Work required:
After finding the line with "complete L -> complete M" in the entries below, retype exactly each line from there through the line with "apply: IHw =>", including that final line.

Data under study:
(* Let $f$ be a multiplicative function from the positive integers to the nonnegative integers with $f(p^{k-1})\le f(p^k)$ for all primes $p$ and integers $k\ge1$. Every positive integer is $f$-practical if and only if $$f(p^k)\le S_f(p^{k-1})+1$$ holds for every prime $p$ and every integer $k\ge1$.
   Context: $f$ multiplicative means $f(1)=1$ and $f(ab)=f(a)f(b)$ for coprime $a,b$. $S_f(n)=\sum_{d\mid n} f(d)$. A positive integer $n$ is $f$-practical if every positive integer $m\le S_f(n)$ equals $\sum_{d\in\mathcal{D}}f(d)$ for some set $\mathcal{D}$ of distinct divisors of $n$. *)

From mathcomp Require Import all_boot.
Set Implicit Arguments. Unset Strict Implicit. Unset Printing Implicit Defensive.

(* f : positive integers -> nonnegative integers, modelled as nat -> nat;
   the value f 0 is irrelevant (never used). *)
Definition multiplicative (f : nat -> nat) : Prop :=
  f 1 = 1 /\ forall a b, 0 < a -> 0 < b -> coprime a b -> f (a * b) = f a * f b.

Definition S_f (f : nat -> nat) (n : nat) : nat := \sum_(d <- divisors n) f d.

Definition f_practical (f : nat -> nat) (n : nat) : Prop :=
  forall m, 0 < m -> m <= S_f f n ->
    exists D : seq nat, [/\ uniq D, {subset D <= divisors n} &
                           m = \sum_(d <- D) f d].

From mathcomp Require Import all_boot zify.

(* The values f(d), d | n, form a multiset; call it complete when its sub-sums
   fill the whole interval [0, S_f(n)].  Writing n = p^k b with p coprime to b,
   multiplicativity splits this multiset into the blocks f(p^i) * {f(e) : e | b},
   i = 0..k.  Adjoining y times a complete multiset to a complete multiset of
   sum S keeps it complete as soon as y <= S + 1; after the blocks 0..i-1 the
   sum is S_f(p^(i-1)) S_f(b) >= S_f(p^(i-1)), so the hypothesis licenses every
   step, and induction on n concludes.  Conversely, every element x of a
   complete multiset is at most one more than the sum of the others, which for
   n = p^k and x = f(p^k) is the stated inequality. *)

Set Implicit Arguments.
Unset Strict Implicit.
Unset Printing Implicit Defensive.

Definition subsum (L : seq nat) (m : nat) : Prop := exists bs, sumn (mask bs L) = m.

Definition complete (L : seq nat) : Prop := forall m, m <= sumn L -> subsum L m.

Lemma subsum0 L : subsum L 0.
Proof. by exists [::]. Qed.

Lemma subsum_perm L L' m : perm_eq L L' -> subsum L m -> subsum L' m.
Proof.
move=> eqLL' [bs <-].
have /count_maskP[bs' _ /perm_sumn->] :
    forall x, count_mem x (mask bs L) <= count_mem x L'.
  by move=> x; rewrite -(permP eqLL') leq_count_mask.
by exists bs'.
Qed.

Lemma subsum_cat L M a b : subsum L a -> subsum M b -> subsum (L ++ M) (a + b).
Proof.
move=> [bs <-] [cs <-]; have [bs' size_bs' ->] := resize_mask bs L.
by exists (bs' ++ cs); rewrite mask_cat // sumn_cat.
Qed.

Lemma sumn_map_muln y L : sumn (map (muln y) L) = y * sumn L.
Proof. by rewrite !sumnE big_map big_distrr. Qed.

Lemma subsum_map_muln y L m : subsum L m -> subsum (map (muln y) L) (y * m).
Proof. by move=> [bs <-]; exists bs; rewrite -map_mask sumn_map_muln. Qed.

Lemma leq_sumn_mask bs L : sumn (mask bs L) <= sumn L.
Proof.
elim: L bs => [|x L IHL] [|[] bs] //=; first by rewrite leq_add2l.
exact: leq_trans (IHL bs) (leq_addl _ _).
Qed.

Lemma sumn_rem x L : x \in L -> sumn L = x + sumn (rem x L).
Proof. by move/perm_to_rem/perm_sumn. Qed.

Lemma complete_perm L L' : perm_eq L L' -> complete L -> complete L'.
Proof. by move=> eqLL' cL m; rewrite -(perm_sumn eqLL') => /cL; apply: subsum_perm. Qed.

(* m = r + y * q with r <= sumn L and q <= sumn M: the intervals
   [y * q, sumn L + y * q] cover [0, sumn L + y * sumn M] since y <= sumn L + 1. *)
Lemma complete_cat_map_muln L M y :
  complete L -> complete M -> y <= sumn L + 1 -> complete (L ++ map (muln y) M).
Proof.
move=> cL cM le_y m; rewrite sumn_cat sumn_map_muln; move: m.
suff subsum_le q : q <= sumn M ->
    forall m, m <= sumn L + y * q -> subsum (L ++ map (muln y) M) m by exact: subsum_le.
elim: q => [|q IHq] le_qM m le_m.
  by rewrite -[m]addn0; apply: subsum_cat; [apply: cL; lia | apply: subsum0].
have [|lt_m] := leqP m (sumn L + y * q); first by apply: IHq; lia.
rewrite -(subnK (_ : y * q.+1 <= m)); last by rewrite mulnS; lia.
apply: subsum_cat; last exact/subsum_map_muln/cM.
by apply: cL; rewrite mulnS in le_m *; lia.
Qed.

Lemma sumn_allpairs_muln w L : sumn [seq x * y | x <- w, y <- L] = sumn w * sumn L.
Proof. by elim: w => //= x w IHw; rewrite sumn_cat sumn_map_muln IHw mulnDl. Qed.

Lemma complete_allpairs_muln w L : complete L -> 0 < sumn L ->
    (forall i, i < size w -> nth 0 w i <= sumn (take i w) + 1) ->
  complete [seq x * y | x <- w, y <- L].
Proof.
move=> cL sumL_gt0; elim/last_ind: w => [_ m|w x IHw w_ok].
  by rewrite allpairs0l leqn0 => /eqP->; apply: subsum0.
rewrite allpairs_rcons; apply: complete_cat_map_muln => //.
  apply: IHw => i lt_iw; have le_iw := ltnW lt_iw.
  move: (w_ok i); rewrite size_rcons ltnS le_iw nth_rcons lt_iw.
  by rewrite -cats1 takel_cat //; apply.
have := w_ok (size w); rewrite size_rcons nth_rcons ltnn eqxx -cats1 take_size_cat //.
rewrite sumn_allpairs_muln => /(_ (ltnSn _)) /leq_trans; apply.
by rewrite leq_add2r leq_pmulr.
Qed.

Lemma complete_le_sumn_rem L x : complete L -> x \in L -> x <= sumn (rem x L) + 1.
Proof.
(* Otherwise sumn (rem x L) + 1 is too small for a sub-sum using x and too large
   for one avoiding it. *)
move=> cL xL; rewrite leqNgt; apply/negP => lt_x.
have /cL/(subsum_perm (perm_to_rem xL)) [[|[] bs] /=] : sumn (rem x L) + 1 <= sumn L.
- by rewrite (sumn_rem xL); lia.
- lia.
- lia.
- by have := leq_sumn_mask bs (rem x L); lia.
Qed.

Lemma divisors_mul_coprime a b : 0 < a -> 0 < b -> coprime a b ->
  perm_eq (divisors (a * b)) [seq x * y | x <- divisors a, y <- divisors b].
Proof.
move=> a_gt0 b_gt0 co_ab; have co_ba : coprime b a by rewrite coprime_sym.
have gcd_divisors x y : x %| a -> y %| b -> gcdn a (x * y) = x /\ gcdn b (x * y) = y.
  move=> xa yb; rewrite Gauss_gcdl ?(coprime_dvdr yb co_ab) //.
  by rewrite Gauss_gcdr ?(coprime_dvdr xa co_ba) //; split; apply/gcdn_idPr.
apply: uniq_perm; rewrite ?divisors_uniq //.
  rewrite allpairs_uniq ?divisors_uniq // => u v.
  move=> /allpairsP[[x y] [/= xa yb ->]] /allpairsP[[x' y'] [/= x'a y'b ->]] /= eq_xy.
  move: xa yb x'a y'b; rewrite -!dvdn_divisors // => xa yb x'a y'b.
  have [gcd_ax gcd_by] := gcd_divisors x y xa yb.
  have [gcd_ax' gcd_by'] := gcd_divisors x' y' x'a y'b.
  by congr (_, _); [rewrite -gcd_ax -gcd_ax' | rewrite -gcd_by -gcd_by']; rewrite eq_xy.
move=> d; rewrite -dvdn_divisors ?muln_gt0 ?a_gt0 //.
apply/idP/allpairsP => [d_ab | [[x y] [/=]]]; last first.
  by rewrite -!dvdn_divisors // => xa yb ->; apply: dvdn_mul.
exists (gcdn a d, gcdn b d); rewrite /= -!dvdn_divisors ?dvdn_gcdl //; split=> //.
apply/eqP; rewrite eqn_dvd Gauss_dvd ?dvdn_gcdr ?andbT; last first.
  exact: coprime_dvdl (dvdn_gcdl _ _) (coprime_dvdr (dvdn_gcdl _ _) co_ab).
by rewrite muln_gcdl !muln_gcdr !dvdn_gcd d_ab dvdn_mull ?dvdn_mulr.
Qed.

Lemma divisors_pfactor p k : prime p ->
  perm_eq (divisors (p ^ k)) [seq p ^ i | i <- iota 0 k.+1].
Proof.
move=> p_pr; apply: uniq_perm; rewrite ?divisors_uniq //.
  by rewrite (map_inj_uniq (expnI (prime_gt1 p_pr))) iota_uniq.
move=> d; rewrite -dvdn_divisors ?expn_gt0 ?prime_gt0 //.
apply/(dvdn_pfactor _ _ p_pr)/mapP => -[i]; last by rewrite mem_iota => ? ->; exists i.
by exists i; rewrite ?mem_iota.
Qed.

Lemma map_divisors_mul_coprime f a b :
    multiplicative f -> 0 < a -> 0 < b -> coprime a b ->
  perm_eq (map f (divisors (a * b)))
          [seq x * y | x <- map f (divisors a), y <- map f (divisors b)].
Proof.
move=> [_ f_mul] a_gt0 b_gt0 co_ab.
rewrite allpairs_mapl allpairs_mapr.
have -> : [seq f x * f y | x <- divisors a, y <- divisors b] =
          map f [seq x * y | x <- divisors a, y <- divisors b].
  rewrite map_allpairs; apply/eq_in_allpairs => x y.
  rewrite -!dvdn_divisors // => xa yb.
  rewrite f_mul ?(dvdn_gt0 a_gt0 xa) ?(dvdn_gt0 b_gt0 yb) //.
  exact: coprime_dvdl xa (coprime_dvdr yb co_ab).
by rewrite perm_map // divisors_mul_coprime.
Qed.

Lemma S_fE f n : S_f f n = sumn (map f (divisors n)).
Proof. by rewrite sumnE big_map. Qed.

Lemma S_f_pfactor f p k : prime p ->
  S_f f (p ^ k) = sumn [seq f (p ^ i) | i <- iota 0 k.+1].
Proof.
by move=> p_pr; rewrite S_fE (perm_sumn (perm_map f (divisors_pfactor k p_pr))) -map_comp.
Qed.

Lemma S_f_pfactorS f p k : prime p -> S_f f (p ^ k.+1) = S_f f (p ^ k) + f (p ^ k.+1).
Proof. by move=> p_pr; rewrite !S_f_pfactor // -addn1 iotaD map_cat sumn_cat /= addn0. Qed.

Lemma f_practicalP f n : f_practical f n <-> complete (map f (divisors n)).
Proof.
rewrite /f_practical S_fE; split=> [f_pr m | cpl m _ /cpl[bs <-]]; last first.
  exists (mask bs (divisors n)); split; rewrite ?mask_uniq ?divisors_uniq //.
    by move=> d /mem_mask.
  by rewrite -map_mask sumnE big_map.
have [-> _ | m_gt0 /(f_pr m m_gt0)[D [uniq_D sub_D ->]]] := posnP m; first exact: subsum0.
exists (map [in D] (divisors n)); rewrite -map_mask -filter_mask sumnE big_map.
apply: perm_big; apply: uniq_perm; rewrite ?filter_uniq ?divisors_uniq // => d.
by rewrite mem_filter; apply: andb_idr => /sub_D.
Qed.

Lemma pfactor_le_S_f_of_complete f p k : prime p ->
  complete (map f (divisors (p ^ k.+1))) -> f (p ^ k.+1) <= S_f f (p ^ k) + 1.
Proof.
move=> p_pr cpl; have f_pk : f (p ^ k.+1) \in map f (divisors (p ^ k.+1)).
  by rewrite map_f // divisors_id // expn_gt0 prime_gt0.
have := complete_le_sumn_rem cpl f_pk; have := sumn_rem f_pk.
by rewrite -S_fE S_f_pfactorS //; lia.
Qed.

Section Sufficiency.

Variable f : nat -> nat.
Hypothesis f_mul : multiplicative f.
Hypothesis f_pfactor_le :
  forall p k, prime p -> 0 < k -> f (p ^ k) <= S_f f (p ^ k.-1) + 1.

Lemma complete_divisors_pfactor_mul p k b : prime p -> coprime p b -> 0 < b ->
  complete (map f (divisors b)) -> complete (map f (divisors (p ^ k * b))).
Proof.
move=> p_pr co_pb b_gt0 cpl_b.
have pk_gt0 : 0 < p ^ k by rewrite expn_gt0 prime_gt0.
have /complete_perm : perm_eq
    [seq x * y | x <- [seq f (p ^ i) | i <- iota 0 k.+1], y <- map f (divisors b)]
    (map f (divisors (p ^ k * b))).
  rewrite perm_sym.
  rewrite (permPl (map_divisors_mul_coprime f_mul pk_gt0 b_gt0 (coprimeXl k co_pb))).
  by apply: perm_allpairs => //; rewrite (map_comp f (expn p)) perm_map ?divisors_pfactor.
apply; apply: complete_allpairs_muln => //.
  by rewrite (sumn_rem (map_f f (divisor1 b))) f_mul.1.
move=> i; rewrite size_map size_iota ltnS => le_ik.
rewrite (nth_map 0) ?size_iota // nth_iota // -map_take take_iota (minn_idPl (leqW le_ik)).
case: i le_ik => [|i] _; first by rewrite f_mul.1.
by rewrite -S_f_pfactor //; apply: f_pfactor_le.
Qed.

Lemma complete_divisors n : 0 < n -> complete (map f (divisors n)).
Proof.
elim/ltn_ind: n => n IHn n_gt0; have [le_n1 | n_gt1] := leqP n 1.
  have -> : n = 1 by lia.
  by move=> m; rewrite /= f_mul.1 => le_m1; exists [:: m == 1]; case: m le_m1 => [|[]].
have p_pr := pdiv_prime n_gt1; set p := pdiv n in p_pr *.
have [b co_pb n_eq] := pfactor_coprime p_pr n_gt0.
have b_gt0 : 0 < b by move: n_gt0; rewrite n_eq muln_gt0 => /andP[].
have pk_gt1 : 1 < p ^ logn p n.
  by rewrite -(expn0 p) ltn_exp2l ?prime_gt1 // logn_gt0 mem_primes p_pr n_gt0 pdiv_dvd.
rewrite n_eq mulnC; apply: complete_divisors_pfactor_mul (IHn b _ b_gt0) => //.
by rewrite n_eq ltn_Pmulr.
Qed.

End Sufficiency.

Theorem theorem2p7 (f : nat -> nat) :
  multiplicative f ->
  (forall p k, prime p -> 0 < k -> f (p ^ k.-1) <= f (p ^ k)) ->
  ((forall n, 0 < n -> f_practical f n) <->
   (forall p k, prime p -> 0 < k -> f (p ^ k) <= S_f f (p ^ k.-1) + 1)).
Proof.
move=> f_mul _; split=> [practical p [|k] p_pr // _ | f_pfactor_le n n_gt0].
  apply/pfactor_le_S_f_of_complete/f_practicalP/practical => //.
  by rewrite expn_gt0 prime_gt0.
exact/f_practicalP/complete_divisors.
Qed.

Task solution:
  complete L -> complete M -> y <= sumn L + 1 -> complete (L ++ map (muln y) M).
Proof.
move=> cL cM le_y m; rewrite sumn_cat sumn_map_muln; move: m.
suff subsum_le q : q <= sumn M ->
    forall m, m <= sumn L + y * q -> subsum (L ++ map (muln y) M) m by exact: subsum_le.
elim: q => [|q IHq] le_qM m le_m.
  by rewrite -[m]addn0; apply: subsum_cat; [apply: cL; lia | apply: subsum0].
have [|lt_m] := leqP m (sumn L + y * q); first by apply: IHq; lia.
rewrite -(subnK (_ : y * q.+1 <= m)); last by rewrite mulnS; lia.
apply: subsum_cat; last exact/subsum_map_muln/cM.
by apply: cL; rewrite mulnS in le_m *; lia.
Qed.

Lemma sumn_allpairs_muln w L : sumn [seq x * y | x <- w, y <- L] = sumn w * sumn L.
Proof. by elim: w => //= x w IHw; rewrite sumn_cat sumn_map_muln IHw mulnDl. Qed.

Lemma complete_allpairs_muln w L : complete L -> 0 < sumn L ->
    (forall i, i < size w -> nth 0 w i <= sumn (take i w) + 1) ->
  complete [seq x * y | x <- w, y <- L].
Proof.
move=> cL sumL_gt0; elim/last_ind: w => [_ m|w x IHw w_ok].
  by rewrite allpairs0l leqn0 => /eqP->; apply: subsum0.
rewrite allpairs_rcons; apply: complete_cat_map_muln => //.
  apply: IHw => i lt_iw; have le_iw := ltnW lt_iw.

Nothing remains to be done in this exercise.